Saved entries
-------------------------

(* The all-one vector $\mathbf 1=(1)_{t\in\mathbb F_{3^{2m}}}$ belongs to $\mathcal C_3(\mathbb D_d)$.
   Context: Let $m\ge 2$ be an integer. For $s\in\{m,2m\}$ let $\mathrm{Tr}_s:\mathbb F_{3^s}\to\mathbb F_3$ denote the absolute trace. Vectors in $\mathbb F_3^{3^{2m}}$ are indexed by $\mathbb F_{3^{2m}}$, and a function $f:\mathbb F_{3^{2m}}\to\mathbb F_3$ is identified with $(f(t))_{t\in\mathbb F_{3^{2m}}}$. Let $\mathcal C(2m,3)=\{(\mathrm{Tr}_{2m}(at^{3^m+1}+bt)+h)_{t\in\mathbb F_{3^{2m}}}: a\in\mathbb F_{3^m}, b\in\mathbb F_{3^{2m}}, h\in\mathbb F_3\}$, let $d$ be its minimum nonzero Hamming weight, let $\mathbb D_d$ be the incidence structure on $\mathbb F_{3^{2m}}$ whose blocks are the supports of the weight-$d$ codewords, and let $\mathcal C_3(\mathbb D_d)$ be the $\mathbb F_3$-span of the incidence vectors of the blocks (entry $1$ on the block, $0$ elsewhere). *)

From mathcomp Require Import all_boot all_order all_algebra all_field.
Set Implicit Arguments. Unset Strict Implicit. Unset Printing Implicit Defensive.
Import GRing.Theory.
Local Open Scope ring_scope.

Section Defs.
Variables (F : finFieldType) (m : nat).

(* absolute trace F_{3^n} -> F_3, computed inside F: x + x^3 + ... + x^(3^(n-1)) *)
Definition abs_trace (n : nat) (x : F) : F := \sum_(i < n) x ^+ (3 ^ i).

(* identification of the prime subfield {0,1,2}%:R of F (char 3) with 'F_3 *)
Definition toF3 (x : F) : 'F_3 := odflt 0 [pick k : 'F_3 | ((k : nat)%:R : F) == x].

Definition in_sub (a : F) : bool := a ^+ (3 ^ m) == a.

Definition codeword (a b : F) (h : 'F_3) : {ffun F -> 'F_3} :=
  [ffun t => toF3 (abs_trace (2 * m) (a * t ^+ (3 ^ m + 1) + b * t)) + h].

Definition code : {set {ffun F -> 'F_3}} :=
  [set c | [exists a : F, exists b : F, exists h : 'F_3,
             in_sub a && (c == codeword a b h)]].

Definition wt (c : {ffun F -> 'F_3}) : nat := #|[set t | c t != 0]|.

Definition min_wt : nat := \big[minn/#|F|]_(c in code | c != 0) wt c.

Definition supp (c : {ffun F -> 'F_3}) : {set F} := [set t | c t != 0].

Definition blocks : {set {set F}} :=
  [set supp c | c in [set c in code | (c != 0) && (wt c == min_wt)]].

Definition incvec (B : {set F}) : {ffun F -> 'F_3} := [ffun t => (t \in B)%:R].

(* membership in C_3(D_d) = F_3-span of incidence vectors of blocks
   (linear combination written coordinatewise) *)
Definition in_C3Dd (v : {ffun F -> 'F_3}) : Prop :=
  exists lam : {set F} -> 'F_3,
    forall t : F, v t = \sum_(B in blocks) lam B * incvec B t.

End Defs.

From mathcomp Require Import all_boot all_order all_algebra all_field.
From mathcomp Require Import ring zify.
Set Implicit Arguments. Unset Strict Implicit. Unset Printing Implicit Defensive.
Import GRing.Theory Order.TTheory.
Local Open Scope ring_scope.

(* Write q = 3^m, N(t) = t^(q+1) for the norm onto F_q, T for the
   absolute trace of F_{q^2} and U = F_q^*.
   1. Counting: T takes each value of F_3 exactly q/3 = 3^(m-1) times on F_q,
      and N has fibres of size q+1 over U; hence #{t | T(aN(t)) = w} equals
      3^(m-1)(q+1) for a in U and w <> 0.
   2. Completing the square, t |-> t + (b/a)^q turns T(aN(t) + bt) into
      T(aN(t)) + const, so every nonzero codeword has at most 3^(m-1)(q+1)
      zeros; the codewords c_a = T(aN(t)) + 2 attain this bound.  Hence
      d = q^2 - 3^(m-1)(q+1) and the supports B_a = {t | T(aN(t)) <> 1},
      a in U, are blocks of D_d.
   3. For each t, the number of a in U with t in B_a is q - 1 or
      q - 1 - 3^(m-1), both congruent to -1 mod 3; so the all-one vector is
      minus the sum of the incidence vectors of the B_a (counted with
      multiplicity). *)

Lemma card_fibers (I J : finType) (A : {set I}) (Q : {set J}) (p : I -> J) :
  (forall i, i \in A -> p i \in Q) ->
  #|A| = (\sum_(y in Q) #|[set i in A | p i == y]|)%N.
Proof.
move=> hp; rewrite -sum1_card (partition_big p (mem Q)) //=.
by apply: eq_bigr => y _; rewrite sum1dep_card.
Qed.

Lemma sum_eq_upper_bound (I : finType) (A : {set I}) (f : I -> nat) (B : nat) :
  (forall i, i \in A -> f i <= B)%N -> (#|A| * B <= \sum_(i in A) f i)%N ->
  forall i, i \in A -> f i = B.
Proof.
move=> hle hge i iA; apply/eqP; rewrite eqn_leq hle //=.
have hrest : (\sum_(j in A | j != i) f j <= \sum_(j in A | j != i) B)%N.
  by apply: leq_sum => j /andP[jA _]; apply: hle.
move: hge; rewrite -sum_nat_const (bigD1 i) //= [X in (_ <= X)%N](bigD1 i) //=.
move=> hge; rewrite -(leq_add2r (\sum_(j in A | j != i) f j)).
by apply: leq_trans hge; rewrite leq_add2l.
Qed.

Lemma card_preim (I : finType) (f : I -> I) (P : pred I) : injective f ->
  #|[set i | P (f i)]| = #|[set i | P i]|.
Proof.
move=> inj; rewrite -(card_preimset [set i | P i] inj).
by apply: eq_card => i; rewrite !inE.
Qed.

Lemma sum_by_multiplicity (R : pzRingType) (I J : finType) (A : {set I})
    (Bs : {set J}) (f : I -> J) (g : J -> R) :
  (forall a, a \in A -> f a \in Bs) ->
  \sum_(B in Bs) (#|[set a in A | f a == B]|)%:R * g B = \sum_(a in A) g (f a).
Proof.
move=> hf; rewrite [RHS](partition_big f (mem Bs)) //=.
apply: eq_bigr => B _.
rewrite (eq_bigr (fun _ => g B)); last by move=> a /andP[_ /eqP->].
rewrite (eq_bigl (mem [set a in A | f a == B])); last by move=> a; rewrite !inE.
by rewrite sumr_const mulr_natl.
Qed.

Lemma sum_shift (V : zmodType) (n : nat) (f : nat -> V) : f n = f 0%N ->
  \sum_(i < n) f i.+1 = \sum_(i < n) f i.
Proof.
move=> hn.
have := etrans (esym (@big_ord_recr V 0 +%R n (fun i : 'I_n.+1 => f i)))
               (@big_ord_recl V 0 +%R n (fun i : 'I_n.+1 => f i)).
by rewrite /= hn addrC => /addrI.
Qed.

Section RootCounting.
Variable F : finFieldType.

Lemma card_roots_lt (p : {poly F}) (A : {set F}) :
  p != 0 -> (forall x, x \in A -> root p x) -> (#|A| < size p)%N.
Proof.
move=> p0 hA; rewrite cardE; apply: max_poly_roots => //; last exact: enum_uniq.
by apply/allP => x; rewrite mem_enum; apply: hA.
Qed.

Definition frob_sum_poly (k : nat) : {poly F} := \sum_(i < k) 'X^(3 ^ i).

Lemma size_frob_sum_poly k : size (frob_sum_poly k.+1) = (3 ^ k).+1.
Proof.
elim: k => [|k IH]; first by rewrite /frob_sum_poly big_ord1 expn0 size_polyXn.
rewrite /frob_sum_poly big_ord_recr /= -/(frob_sum_poly k.+1) addrC.
by rewrite size_polyDl size_polyXn // IH ltnS ltn_exp2l.
Qed.

Lemma horner_frob_sum_poly k x :
  (frob_sum_poly k).[x] = \sum_(i < k) x ^+ (3 ^ i).
Proof. by rewrite horner_sum; apply: eq_bigr => i _; rewrite hornerXn. Qed.

Lemma frob_sum_fiber_le (k : nat) (c w : F) (A : {set F}) : c != 0 ->
  (#|[set x in A | (c * \sum_(i < k.+1) x ^+ (3 ^ i) == w)%R]| <= 3 ^ k)%N.
Proof.
move=> c0.
have sz : size (c *: frob_sum_poly k.+1 - w%:P) = (3 ^ k).+1.
  rewrite size_polyDl size_scale // size_frob_sum_poly // size_polyN ltnS.
  by apply: leq_trans (size_polyC_leq1 _) _; rewrite expn_gt0.
rewrite -ltnS -sz; apply: card_roots_lt; first by rewrite -size_poly_eq0 sz.
move=> x; rewrite inE => /andP[_ /eqP e].
by rewrite /root !hornerE horner_frob_sum_poly e subrr.
Qed.

End RootCounting.

Section CharThree.
Variable F : finFieldType.
Hypothesis char3 : 3%N \in [pchar F].

(* Every power of 3 is a [pchar F]-number, so x |-> x^(3^e) is additive. *)
Lemma pnat_pow3 e : [pchar F].-nat (3 ^ e)%N.
Proof. by rewrite pnatX (pnatE _ (isT : prime 3)) char3. Qed.

Lemma frobD e (x y : F) : (x + y) ^+ (3 ^ e) = x ^+ (3 ^ e) + y ^+ (3 ^ e).
Proof. exact: exprDn_pchar (pnat_pow3 e). Qed.

Lemma cubeN (x : F) : (- x) ^+ 3 = - x ^+ 3.
Proof. exact: exprNn_pchar (pnat_pow3 1). Qed.

Lemma cube_sum (n : nat) (f : 'I_n -> F) :
  (\sum_(i < n) f i) ^+ 3 = \sum_(i < n) f i ^+ 3.
Proof.
rewrite -(pFrobenius_autE char3) rmorph_sum.
by apply: eq_bigr => i _; exact: pFrobenius_autE.
Qed.

Lemma cube_fixedB (x y : F) : x ^+ 3 = x -> y ^+ 3 = y -> (x - y) ^+ 3 = x - y.
Proof.
by move=> hx hy; rewrite (frobD 1) cubeN hx hy.
Qed.

Lemma natF_eq0 k : ((k%:R : F) == 0) = (3 %| k)%N.
Proof. by rewrite (dvdn_pcharf char3). Qed.

Lemma two_eqN1 : (2%:R : F) = -1.
Proof. by apply/eqP; rewrite -subr_eq0 opprK -(natrD F 2 1) natF_eq0. Qed.

Lemma cube_cases (z : F) : z ^+ 3 = z -> [\/ z = 0, z = 1 | z = 2%:R].
Proof.
move=> h.
have e : z * (z - 1) * (z + 1) = 0.
  have -> : z * (z - 1) * (z + 1) = z ^+ 3 - z by ring.
  by rewrite h subrr.
move/eqP: e; rewrite !mulf_eq0 subr_eq0 addr_eq0 -two_eqN1.
by case/orP => [/orP[]|] /eqP ->; [constructor 1|constructor 2|constructor 3].
Qed.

-------------------------

- _ACTIVITY_
Some lines of the data may hold the word "incidence". Say how many do, with nothing else.

- _OUTPUT FOR THIS EXERCISE_
3